What do we mean by effect size, and how is it measured? In order to offer a working definition of effect size, we need to use a bit of math. The size of an effect can be approximated as the average change in the response variable being modeled, per unit change in some predictor variable, which we’ll call \(x_1\)

\[\mu_i = g(\beta_0 + \beta_1 x_{1i}).\]

The parameter \(\beta_0\) is the intercept and \(\beta_1\) is the slope associated with covariate \(x_1\) in a generalized linear model (linear, exponential, or inverse logit), which we represent using the link function \(g()\) . The effect of \(x_1\) translates into changes in the mean of the response variable through \(\beta_1\) and link function \(g()\) . To understand the effect that \(x_1\) will have on the mean on the scale of the actual data, we first have to take note of the function for which \(g()\) is a placeholder, as well as any transformations (e.g., scaling) that may have been applied to the data.

Example | the response of plant cover to rainfall #

Let’s consider a covariate that we might expect to have a mechanistic influence on plant cover, such as accumulated spring precipitation. Thus, \(x_1\) is a measure of rainfall. The plant cover observations were collected at point intercepts along a transects at a site, indexed by subscript \(i\) . At any given point intercept, plants are either present or absent. \(y_i\) , then, is the sum of the number of times plants were detected (the total number of “hits”) at any point intercept along a transect. The observations are modeled as

\[\begin{align*} p_i &= \text{logit}^{-1}(\beta_0 + \beta_1 x_{1i}) \\ y_i &\sim \text{binomial}(n, p_i) \end{align*}\]

where \(n\) is the total number of point intercepts evaluated along each transect (the number of “trials”). \(x_1\) is scaled from its original units (cm) to zero mean and unit variance prior to fitting the model.

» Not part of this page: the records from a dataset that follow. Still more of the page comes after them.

(* Let $P$ and $Q$ be irreducible transition matrices on the finite set $S$, both reversible with respect to $\pi$, with eigenvalues (counting multiplicity) $1=\lambda_1\ge\lambda_2\ge\dots\ge\lambda_n$ for $P$ and $1=\beta_1\ge\beta_2\ge\dots\ge\beta_n$ for $Q$. Suppose $\max_{i\ge2}\lambda_i\le\min_{i\ge2}\beta_i$, i.e. $\lambda_2\le\beta_n$. Then $P$ efficiency-dominates $Q$.
   Context: $S$ is a finite set with $|S|=n$, and $\pi$ is a probability distribution on $S$ with $\pi(x)>0$ for all $x$. A transition matrix $P$ is reversible with respect to $\pi$ if $\pi(x)P(x,y)=\pi(y)P(y,x)$ for all $x,y$ (its eigenvalues are then real); irreducible if every state can be reached from every other with positive probability in some number of steps. For a Markov chain $X_1,X_2,\dots$ with transition matrix $P$ and $X_1\sim\pi$, $v(f,P)=\lim_{N\to\infty}\frac1N\mathrm{Var}\big(\sum_{i=1}^N f(X_i)\big)$. $P$ efficiency-dominates $Q$ if $v(f,P)\le v(f,Q)$ for all $f:S\to\mathbb R$. *)

From HB Require Import structures.
From mathcomp Require Import all_boot all_order all_algebra.
From mathcomp Require Import all_classical all_reals all_analysis.
Import numFieldNormedType.Exports.
Set Implicit Arguments. Unset Strict Implicit. Unset Printing Implicit Defensive.
Import Order.TTheory GRing.Theory Num.Theory.
Local Open Scope ring_scope.
Local Open Scope classical_set_scope.

Definition prob_dist (R : realType) (n : nat) (pi : 'I_n -> R) : Prop :=
  (forall x, 0 < pi x) /\ \sum_(x < n) pi x = 1.

Definition transition_matrix (R : realType) (n : nat) (P : 'M[R]_n) : Prop :=
  (forall x y, 0 <= P x y) /\ (forall x, \sum_(y < n) P x y = 1).

Definition reversible (R : realType) (n : nat) (pi : 'I_n -> R) (P : 'M[R]_n)
  : Prop := forall x y, pi x * P x y = pi y * P y x.

Definition irreducible (R : realType) (n : nat) (P : 'M[R]_n) : Prop :=
  forall x y, exists k : nat, 0 < (P ^+ k) x y.

(* Law of the path (X_1, ..., X_{N+1}) of the chain with X_1 ~ pi. *)
Definition path_prob (R : realType) (n : nat) (pi : 'I_n -> R) (P : 'M[R]_n)
  (N : nat) (w : {ffun 'I_N.+1 -> 'I_n}) : R :=
  pi (w ord0) * \prod_(i < N) P (w (widen_ord (leqnSn N) i)) (w (lift ord0 i)).

Definition path_sum (R : realType) (n : nat) (f : 'I_n -> R) (N : nat)
  (w : {ffun 'I_N.+1 -> 'I_n}) : R := \sum_(i < N.+1) f (w i).

Definition path_mean (R : realType) (n : nat) (pi : 'I_n -> R) (P : 'M[R]_n)
  (f : 'I_n -> R) (N : nat) : R :=
  \sum_(w : {ffun 'I_N.+1 -> 'I_n}) path_prob pi P w * path_sum f w.

Definition path_var (R : realType) (n : nat) (pi : 'I_n -> R) (P : 'M[R]_n)
  (f : 'I_n -> R) (N : nat) : R :=
  \sum_(w : {ffun 'I_N.+1 -> 'I_n})
     path_prob pi P w * (path_sum f w - path_mean pi P f N) ^+ 2.

Definition avg_var (R : realType) (n : nat) (pi : 'I_n -> R) (P : 'M[R]_n)
  (f : 'I_n -> R) (N : nat) : R :=
  path_var pi P f N / N.+1%:R.

Definition asymp_var (R : realType) (n : nat) (pi : 'I_n -> R) (P : 'M[R]_n)
  (f : 'I_n -> R) (v : R) : Prop :=
  (avg_var pi P f @ \oo --> v)%classic.

Definition efficiency_dominates (R : realType) (n : nat) (pi : 'I_n -> R)
  (P Q : 'M[R]_n) : Prop :=
  forall f : 'I_n -> R, exists vP vQ : R,
    asymp_var pi P f vP /\ asymp_var pi Q f vQ /\ vP <= vQ.

Definition ordered_spectrum (R : realType) (n : nat) (A : 'M[R]_n)
  (lam : 'I_n -> R) : Prop :=
  char_poly A = \prod_(i < n) ('X - (lam i)%:P) /\
  (forall i j : 'I_n, (i <= j)%N -> lam j <= lam i).

(* Reversibility makes S = D^(1/2) P D^(-1/2), D = diag pi, a symmetric matrix, so it has
   real eigenvectors e_j (eigenvalues d_j) with sum_j e_j^T e_j = 1.  Expanding
   sqrt(pi) h, for the centred function h = f - E_pi f, along them writes every
   autocovariance Cov(h(X_0), h(X_k)) as sum_j w_j d_j^k, with weights w_j >= 0 of total
   mass Var_pi f.  Since Var(sum_{i<=N} f(X_i)) = sum_{s,t<=N} Cov(h(X_0), h(X_|s-t|))
   and (1/N) sum_{s,t<=N} d^|s-t| tends to (1+d)/(1-d), this gives
   v(f,P) = sum_j w_j (1+d_j)/(1-d_j).  By irreducibility the eigenvalue 1 carries no
   weight, so every d_j with w_j <> 0 is some lambda_i with i >= 2.  As d |-> (1+d)/(1-d)
   is increasing and the weights of P and Q have the same mass, lambda_i <= beta_j for
   all i, j >= 2 yields v(f,P) <= v(f,Q). *)

From HB Require Import structures.
From mathcomp Require Import all_boot all_order all_algebra.
From mathcomp Require Import all_classical all_reals all_analysis.
From mathcomp Require Import ring lra zify.
From mathcomp Require complex spectral sesquilinear.
Import numFieldNormedType.Exports.
Import Order.TTheory GRing.Theory Num.Theory.
Set Implicit Arguments. Unset Strict Implicit. Unset Printing Implicit Defensive.
Local Open Scope ring_scope.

Let’s also take as a given that the estimated median value of the coefficients is as follows: \(\beta_0=0.12\) and \(\beta_1=0.22\) . Prior to scaling, \(x_1\) had mean 20.4, standard deviation 15.3, and range [0.4, 70.9]. To better understand the influence of \(x_1\) on the mean plant cover, we will create a new vector called \(x_1^{\text{pred}}\) , which consists of scaled rainfall values at equally spaced intervals over the range of \(x_1\) . Here is the basic setup, in \(\textsf{R}\) :

b0 <- 0.12 # the intercept
b1 <- 0.22 # the effect of spring precipitation

x1_mean <- 20.4; x1_sd <- 15.3; x1_range <- c(0.4, 70.9)
x1_pred_raw <- seq(x1_range[1], x1_range[2], length.out = 100)
x1_pred <- (x1_pred_raw - x1_mean) / x1_sd

Let’s plot mean plant cover, p, over the range of x1_pred:

p <- boot::inv.logit(b0 + b1 * x1_pred)
p_x1_mean <- boot::inv.logit(b0) # p at average precip
plot(x1_pred_raw, p, ylim = c(0, 1), type = 'l', col = 'red')
abline(v = x1_mean, lty = 2, col = 'gray')
abline(h = boot::inv.logit(b0), lty = 2, col = 'gray')

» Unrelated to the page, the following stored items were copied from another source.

(* Let $X_1,X_2,\dots$ be i.i.d. nonnegative random variables with regularly varying tail of index $\gamma\in(0,1)$, i.e. $P(X_1>t)=L(t)t^{-\gamma}$ with $L$ slowly varying at infinity. Then for every $p\in(0,1)$ and every $\varepsilon>0$ there exists $C>0$ such that for all $n\in\mathbb N$, $$E\Big[\Big(\sum_{j=1}^n\Big(\frac{X_j}{n^{1/\gamma}}\wedge n^{-p/\gamma}\Big)\Big)^2\Big]\le Cn^{-p(\frac1\gamma-1)+\varepsilon}.$$
   Context: A function $L:\mathbb R_+\to\mathbb R_+$ is slowly varying at infinity if $L(at)/L(t)\to1$ as $t\to\infty$ for every $a>0$. *)

From HB Require Import structures.
From mathcomp Require Import all_boot all_order all_algebra.
From mathcomp Require Import all_classical all_reals all_analysis.
Set Implicit Arguments. Unset Strict Implicit. Unset Printing Implicit Defensive.
Import Order.TTheory GRing.Theory Num.Theory.
Import numFieldNormedType.Exports.
Local Open Scope classical_set_scope.
Local Open Scope ring_scope.

Definition slowly_varying (R : realType) (L : R -> R) : Prop :=
  (forall t, 0 < t -> 0 < L t) /\
  (forall a, 0 < a -> (fun t => L (a * t) / L t) @ +oo --> (1 : R)).

Definition mutually_independent d (T : measurableType d) (R : realType)
  (P : probability T R) (X : nat -> T -> R) : Prop :=
  forall (B : nat -> set R), (forall i, measurable (B i)) ->
  forall s : seq nat, uniq s ->
    P (\big[setI/setT]_(i <- s) (X i @^-1` B i)) =
    (\prod_(i <- s) P (X i @^-1` B i))%E.

Definition identically_distributed d (T : measurableType d) (R : realType)
  (P : probability T R) (X : nat -> T -> R) : Prop :=
  forall n (B : set R), measurable B -> P (X n @^-1` B) = P (X 0%N @^-1` B).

Mean plant cover increases as a function of spring rainfall, from a value of approximately 0.46 at its minimum (next to zero precipitation) to 0.70 at its maximum (~71 cm of rainfall). We can interpret the quantity \(\text{logit}^{-1}(\beta_0)=\text{logit}^{-1}(0.12)=0.53\) (the horizontal dashed gray line) as the mean site-level cover of plants in a year with average spring rainfall (vertical dashed gray line).1

This being an inverse logit model, we are somewhat obligated to talk about odds, which are given by the quantity \(\frac{p}{(1-p)}\) . In this example, it’s the ratio of the probability of a plant being present at a given point intercept to the probability of a point intercept not touching a plant. In a year with average spring rainfall, you are ~1.13X more likely to see it than not (0.53 / (1 - 0.53)).2

\(\beta_1\) is the multiplicative change in odds per standard deviation spring precipitation.3 To compute the odds of seeing plant cover if spring rainfall is one standard deviation higher than average we would use

(odds_x1_mean  <- p_x1_mean / (1 - p_x1_mean))
exp(b1) * odds_x1_mean # 1.4

At 1.4X, the odds of encountering plants has gone up. Basically, when rainfall is one standard deviation over the mean, you’re now 1.4X more likely to see it than not. Thus, the odds of seeing plants increases with increasing precipitation. We can show the same thing using slightly different math.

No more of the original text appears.